ASSIGNMENT:
Find every line in the records below that holds the word "contr", and copy each one.

GIVEN DATA:

Lemma flex_step_descent (w u ws us Z : 'M[R]_(n, d)) :
  sB *m (ws - sB *m us) = 0 -> A *m (ws - sB *m us) = ws - sB *m us ->
  u - us = sB *m Z ->
  p * (sqnorm (proxR P (A *m (w - sB *m u)) - proxR P (ws - sB *m us))
        + 1 / p ^+ 2 * sqnorm (u + p *: (sB *m (w - sB *m u)) - us))
  + (1 - p) * (sqnorm (proxR P (1%:M *m (w - sB *m u)) - proxR P (ws - sB *m us))
        + 1 / p ^+ 2 * sqnorm (u + p *: (0 *m (w - sB *m u)) - us))
  <= sqnorm (w - ws) + (1 - p ^+ 2 * sigma) * (1 / p ^+ 2 * sqnorm (u - us)).
Proof.
set vs := ws - sB *m us; set v := w - sB *m u => sBvs Avs deE.
have [[sBsym _] sBB] := sB_sqrt.
have le_A := P_nonexp (A *m v) (A *m vs); rewrite -mulmxBr Avs in le_A.
have le_I := P_nonexp v vs; rewrite mul1mx.
have dualE : u + p *: (sB *m v) - us = (u - us) + p *: (sB *m (v - vs)).
  by rewrite (mulmxBr sB v vs) sBvs subr0; apply/matrixP => i j; rewrite !mxE; ring.
rewrite dualE mul0mx scaler0 addr0.
have eE : v - vs = (w - ws) - sB *m (u - us).
  by rewrite mulmxBr; apply/matrixP => i j; rewrite !mxE; ring.
have contr := psd_contraction (v - vs) Asym sB_sqrt IAB.
have sv := sv_sB Z; rewrite -deE -sBB -mulmxA -deE in sv.
set e := v - vs in eE le_A le_I contr *.
set om := w - ws in eE *; set de := u - us in eE sv *.
clearbody e om de.
(* The cross terms of the primal and dual errors cancel through this identity. *)
have crossE : frobdot de (sB *m e) = frobdot om (sB *m de) - sqnorm (sB *m de).
  by rewrite frobdotC frobdot_mull sBsym eE frobdotBl sqnormE.
have normE : sqnorm e = sqnorm om - 2 * frobdot om (sB *m de) + sqnorm (sB *m de).
  by rewrite eE sqnormB.
rewrite sqnormDZ crossE; rewrite normE in le_I contr.
set T1 := sqnorm (proxR P (A *m v) - _) in le_A *.
set T2 := sqnorm (proxR P v - _) in le_I *.
set X := frobdot om _ in le_I contr *.
set Sd := sqnorm (sB *m de) in le_I contr sv *.
have -> : p * (T1 + 1 / p ^+ 2 * (sqnorm de + 2 * p * (X - Sd) + p ^+ 2 * sqnorm (sB *m e)))
          + (1 - p) * (T2 + 1 / p ^+ 2 * sqnorm de)
        = p * (T1 + sqnorm (sB *m e)) + (1 - p) * T2 + 2 * (X - Sd) + 1 / p ^+ 2 * sqnorm de.
  by field; rewrite gt_eqF.
have -> : (1 - p ^+ 2 * sigma) * (1 / p ^+ 2 * sqnorm de)
        = 1 / p ^+ 2 * sqnorm de - sigma * sqnorm de.
  by field; rewrite gt_eqF.
have : p * (T1 + sqnorm (sB *m e)) <= p * (sqnorm om - 2 * X + Sd).
  by rewrite ler_wpM2l ?(ltW p_gt0) //; lra.
have : (1 - p) * T2 <= (1 - p) * (sqnorm om - 2 * X + Sd).
  by rewrite ler_wpM2l ?subr_ge0.
lra.
Qed.

End Descent.

Theorem lemma2 (R : realType) (n d : nat)
  (f : 'I_n -> 'rV[R]_d -> R) (g : 'I_n -> 'rV[R]_d -> 'rV[R]_d)
  (mu L : R) (r : 'rV[R]_d -> \bar R) (P : 'rV[R]_d -> 'rV[R]_d)
  (adj : rel 'I_n) (W A B sB : 'M[R]_n) (sigma alpha p : R)
  (xs ws us x0 : 'M[R]_(n, d)) :
  0 <= mu -> 0 < L ->
  (forall i, strongly_convex mu (f i)) ->
  (forall i, L_smooth L (f i) (g i)) ->
  proper_fun r -> closed_fun r -> convex_efun r ->
  undirected_connected adj -> mixing_matrix adj W ->
  poly_in W A -> poly_in W B ->
  A^T = A -> A *m (const_mx 1 : 'cV[R]_n) = const_mx 1 ->
  psd B -> null_span1 B -> psd (1%:M - A ^+ 2 - B) ->
  psd_sqrt B sB ->
  smallest_nonzero_sv B sigma ->
  0 < alpha -> 0 < p -> p <= 1 ->
  (forall x, is_prox alpha r x (P x)) ->
  ws = xs - alpha *: gradF g xs ->
  xs = proxR P (A *m (ws - sB *m us)) ->
  0 = sB *m (ws - sB *m us) ->
  (exists Z : 'M[R]_(n, d), us = sB *m Z) ->
  forall (theta : nat -> bool) (k : nat),
    let s := flex_iter alpha p A sB g P theta x0 k in
    let wk := s.1 - alpha *: gradF g s.1 in
    bern_expect p (fun th =>
        let s' := flex_step alpha p A sB g P th s in
        sqnorm (s'.1 - xs) + 1 / p ^+ 2 * sqnorm (s'.2 - us))
    <= sqnorm (wk - ws) + (1 - p ^+ 2 * sigma) * (1 / p ^+ 2 * sqnorm (s.2 - us)).
Proof.
move=> _ _ _ _ r_proper _ r_convex _ _ _ _ Asym A1 Bpsd Bnull IAB sB_sqrt Bsv
  alpha_gt0 p_gt0 p_le1 P_prox _ xsE sBvs [Zs usE] theta k /=.
set s := flex_iter _ _ _ _ _ _ _ _ _.
have [Zk ukE] := flex_iter_dual_range alpha p A sB g P theta x0 k.
have deE : s.2 - us = sB *m (Zk - Zs) by rewrite ukE usE mulmxBr.
have Bvs : B *m (ws - sB *m us) = 0 by rewrite -sB_sqrt.2 -mulmxA -sBvs mulmx0.
have Avs := null_span1_fix Bnull A1 Bvs.
have sv (Y : 'M[R]_(n, d)) := sv_psd_sqrt_le Y Bpsd Bnull Bsv sB_sqrt.
have nonexp X Y := proxR_nonexpansive alpha_gt0 r_proper r_convex P_prox (n := n) X Y.
rewrite /bern_expect /flex_step /= xsE Avs.
exact: (flex_step_descent Asym sB_sqrt IAB sv p_gt0 p_le1 nonexp _ (esym sBvs) Avs deE).
Qed.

TASK ANSWER:
have contr := psd_contraction (v - vs) Asym sB_sqrt IAB.
set e := v - vs in eE le_A le_I contr *.
rewrite sqnormDZ crossE; rewrite normE in le_I contr.
set X := frobdot om _ in le_I contr *.
set Sd := sqnorm (sB *m de) in le_I contr sv *.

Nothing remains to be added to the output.